Lemma bound_after_differentiation (L X M A dl : R) (n : nat) :
  0 < dl -> 0 <= A ->
  L * dl ^ n <= Rpower 4 X * (2 * (Rpower 4 M * A) / dl) ->
  L * dl ^ S n <= Rpower 4 (X + M + 1) * A.
Proof.
  intros Hdl HA H.
  rewrite !Rpower_plus, Rpower_1 by lra.
  assert (HXM : 0 <= Rpower 4 X * Rpower 4 M * A)
    by (apply Rmult_le_pos; [apply Rmult_le_pos; left; apply Rpower_pos | exact HA]).
  apply Rmult_le_compat_r with (r := dl) in H; [|lra].
  replace (Rpower 4 X * (2 * (Rpower 4 M * A) / dl) * dl)
    with (2 * (Rpower 4 X * Rpower 4 M * A)) in H by (field; lra).
  replace (L * dl ^ S n) with (L * dl ^ n * dl) by (simpl; ring).
  lra.
Qed.

(* The induction step, for a list written as k :: l' with j in l':
   differentiate x^(-e_k) f(x) and apply the hypothesis to the derivative. *)
Lemma coefficient_bound_step_cons (n : nat) (IH : coefficient_bound n)
  (t a e : nat -> R) (k : nat) (l : list nat) (A M Rr dl : R) (j : nat) :
  0 < dl -> spaced_nodes t (2 ^ S n) dl ->
  length l = S n -> NoDup l -> In j l -> k <> j ->
  (forall i, In i (k :: l) -> Rabs (e i) <= M) ->
  (forall i i', In i (k :: l) -> In i' (k :: l) -> Rabs (e i - e i') <= Rr) ->
  (forall m, (m < 2 ^ S n)%nat -> Rabs (psum a e (k :: l) (t m)) <= A) ->
  Rabs (a j) * pprod e (k :: l) j * dl ^ S n <= Rpower 4 (M + INR (S n) * (Rr + 2)) * A.
Proof.
  intros Hdl Ht Hlen Hnd Hj Hkj He HR HA.
  set (c := e k).
  set (B := Rpower 4 M * A).
  assert (HA0 : 0 <= A) by (eapply Rle_trans; [apply Rabs_pos | apply (HA 0%nat)];
                            pose proof (Nat.pow_nonzero 2 (S n)); lia).
  assert (Hg : forall m, (m < 2 * 2 ^ n)%nat -> Rabs (psum a (fun i => e i - c) (k :: l) (t m)) <= B)
    by (intros m Hm; apply psum_shift_bound;
        [apply (proj1 Ht); simpl; lia | apply He; now left | apply HA; simpl; lia]).
  replace (2 ^ S n)%nat with (2 * 2 ^ n)%nat in Ht by (simpl; lia).
  destruct (derivative_on_half_nodes a (fun i => e i - c) (k :: l) t (2 ^ n) B dl Hdl Ht Hg)
    as [xi [Hxi Hder]].
  (* in g' the k-th term vanishes, leaving a generalized polynomial over l *)
  set (a' := fun i => a i * (e i - c)).
  set (e' := fun i => e i - c - 1).
  assert (Hg' : forall x, psum (fun i => a i * (e i - c)) (fun i => e i - c - 1) (k :: l) x
                          = psum a' e' l x).
  { intros x.
    change (a k * (e k - c) * Rpower x (e k - c - 1) + psum a' e' l x = psum a' e' l x).
    unfold c; rewrite Rminus_diag; ring. }
  assert (IHl := IH xi a' e' l (2 * B / dl) (Rr + 1) Rr dl j Hdl Hxi Hlen Hnd Hj).
  specialize (IHl ltac:(intros i Hi; unfold e';
    pose proof (HR i k ltac:(now right) ltac:(now left)) as Hik;
    apply Rabs_le_bounds in Hik; apply Rabs_le; unfold c; lra)).
  specialize (IHl ltac:(intros i i' Hi Hi'; unfold e';
    replace (e i - c - 1 - (e i' - c - 1)) with (e i - e i') by ring; apply HR; now right)).
  specialize (IHl ltac:(intros m Hm; rewrite <- Hg'; apply Hder, Hm)).
  (* the factor |e_j - e_k| joins Pi_j *)
  unfold e' in IHl; rewrite !pprod_shift in IHl; unfold a' in IHl.
  rewrite Rabs_mult in IHl; fold c in IHl.
  rewrite pprod_cons, <- Rmult_assoc by exact Hkj; fold c.
  replace (M + INR (S n) * (Rr + 2)) with ((Rr + 1 + INR n * (Rr + 2)) + M + 1)
    by (rewrite S_INR; ring).
  exact (bound_after_differentiation _ _ _ _ _ n Hdl HA0 IHl).
Qed.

_WHAT THE TASK ASKS_: Having output the line that contains "assert (HXM : 0", stop. Every line before it, back to the first line of the data, must be reproduced exactly.

_RESPONSE AREA_:
Lemma bound_after_differentiation (L X M A dl : R) (n : nat) :
  0 < dl -> 0 <= A ->
  L * dl ^ n <= Rpower 4 X * (2 * (Rpower 4 M * A) / dl) ->
  L * dl ^ S n <= Rpower 4 (X + M + 1) * A.
Proof.
  intros Hdl HA H.
  rewrite !Rpower_plus, Rpower_1 by lra.
  assert (HXM : 0 <= Rpower 4 X * Rpower 4 M * A)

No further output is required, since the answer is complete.